Frontotemporal Dementia, Frontotemporal Lobar Degeneration Symptoms More Common Later in Life
Among patients included in cohort 1 and cohort 2, a total of 48 (25.3%) and 57 (28.4%) patients experienced the onset of symptoms by ≥65 years.
In patients with frontotemporal dementia (FTD) and frontotemporal lobar degeneration (FTLD), symptoms are more likely to occur later in life, which could aid in antemortem neuropathologic predictions, according to study findings presented in Neurology.
A total of 2 consecutive cohorts of patients who were evaluated and diagnosed at the UCSF Memory and Aging Center were included in this study. The cohorts were comprised of autopsied patients with a diagnosis of FTD spectrum clinical syndrome (n=190) and patients with a primary neuropathologic FTLD diagnosis irrespective of clinical syndromic diagnosis (n=201). Using a cut-off of 65 years, the series were divided by age at symptom onset.

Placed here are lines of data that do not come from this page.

Lemma dual_nonincreasingP (R : numDomainType) (a : nat -> R) n : (1 <= n)%N ->
  (forall c : nat -> R, (forall k, (k.+1 < n)%N -> c k.+1 <= c k) ->
     0 <= \sum_(0 <= k < n) a k * c k) <->
  \sum_(0 <= k < n) a k = 0 /\
  (forall s, (1 <= s)%N -> (s <= n - 1)%N -> 0 <= \sum_(0 <= k < s) a k).
Proof.
move=> n_gt0; split=> [dual | [sum0 partial_ge0] c c_noninc].
  have dual_const x : 0 <= (\sum_(0 <= k < n) a k) * x.
    by rewrite mulr_suml; apply: (dual (fun=> x)) => k _; apply: lexx.
  split.
    have := dual_const 1; have := dual_const (-1).
    rewrite mulr1 mulrN1 oppr_ge0 => le0 ge0.
    by apply/eqP; rewrite eq_le le0 ge0.
  move=> s s_ge1 s_le; have s_le_n : (s <= n)%N by lia.
  have := dual (fun k => (k < s)%:R).
  rewrite (@big_cat_nat _ _ _ s 0 n) //= [X in _ + X]big1_seq ?addr0; last first.
    by move=> i /andP[_]; rewrite mem_index_iota => /andP[i_ge _]; rewrite ltnNge i_ge mulr0.
  rewrite (eq_big_nat _ _ (F2 := a)); last by move=> i /andP[_ i_lt]; rewrite i_lt mulr1.
  apply=> k _; rewrite ler_nat.
  by case: (ltnP k.+1 s) => [k_lt | //]; rewrite (ltnW k_lt).
case: n n_gt0 sum0 partial_ge0 c_noninc => // n _ sum0 partial_ge0 c_noninc.
rewrite sum_by_parts sum0 mul0r add0r big_seq; apply: sumr_ge0 => s.
rewrite mem_index_iota => /andP[_ s_lt].
apply: mulr_ge0; first by apply: partial_ge0 => //; rewrite subn1.
by rewrite subr_ge0; apply: c_noninc.
Qed.

Section Coordinates.
Variables (R : comNzRingType) (d : nat).
Implicit Types (y z m : 'rV[R]_d).

Lemma ycoordE y (k : 'I_d) : ycoord y k.+1 = y ord0 k.
Proof. by rewrite /ycoord valK. Qed.

Lemma ycoord_out y k : (d < k)%N -> ycoord y k = 0.
Proof.
by case: k => // k k_gt; rewrite /ycoord insubF //; apply/negbTE; rewrite -leqNgt.
Qed.

Lemma ycoordB y z k : ycoord (y - z) k = ycoord y k - ycoord z k.
Proof.
case: k => [|k]; first by rewrite subr0.
by rewrite /ycoord; case: insubP => [i _ _|_]; rewrite ?mxE ?subr0.
Qed.

Lemma ycoord_row (G : nat -> R) j : (1 <= j)%N -> (j <= d)%N ->
  ycoord (\row_(k < d) G k.+1) j = G j.
Proof. by case: j => // j _ j_lt; rewrite -[j]/(nat_of_ord (Ordinal j_lt)) ycoordE mxE. Qed.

Among patients included in cohort 1 and cohort 2, a total of 48 (25.3%) and 57 (28.4%) patients experienced the onset of symptoms by ≥65 years (late onset), respectively. In cohort 1, overall FTLD-tau and progressive supranuclear palsy (PSP) were more frequent in late-onset FTD vs early-onset FTD (P =.014 and P <.001, respectively). A post-hoc analysis demonstrated a significantly higher frequency of pathologic diagnosis of PSP than of corticobasal degeneration in late-onset vs early-onset corticobasal syndrome (CBS) (P =.002), whereas early-onset CBS demonstrated a significantly higher rate of Alzheimer disease pathologic diagnosis than PSP when compared with late-onset CBS (P =.002).
In the second cohort, FTLD with transactive response DNA-binding protein (43 kDa) was more frequent in early-onset FTLD (44.4%) than in late-onset FTLD. Conversely, FTLD-tau was more common in late-onset FTLD than in early-onset FTLD (58.3%). In addition, the antemortem diagnosis of a non-FTD syndrome (eg, Alzheimer disease-type dementia) was more common among patients experiencing late-onset FTLD vs early-onset FTLD in cohort 2 (19.3% vs 7.7%, respectively; P =.017).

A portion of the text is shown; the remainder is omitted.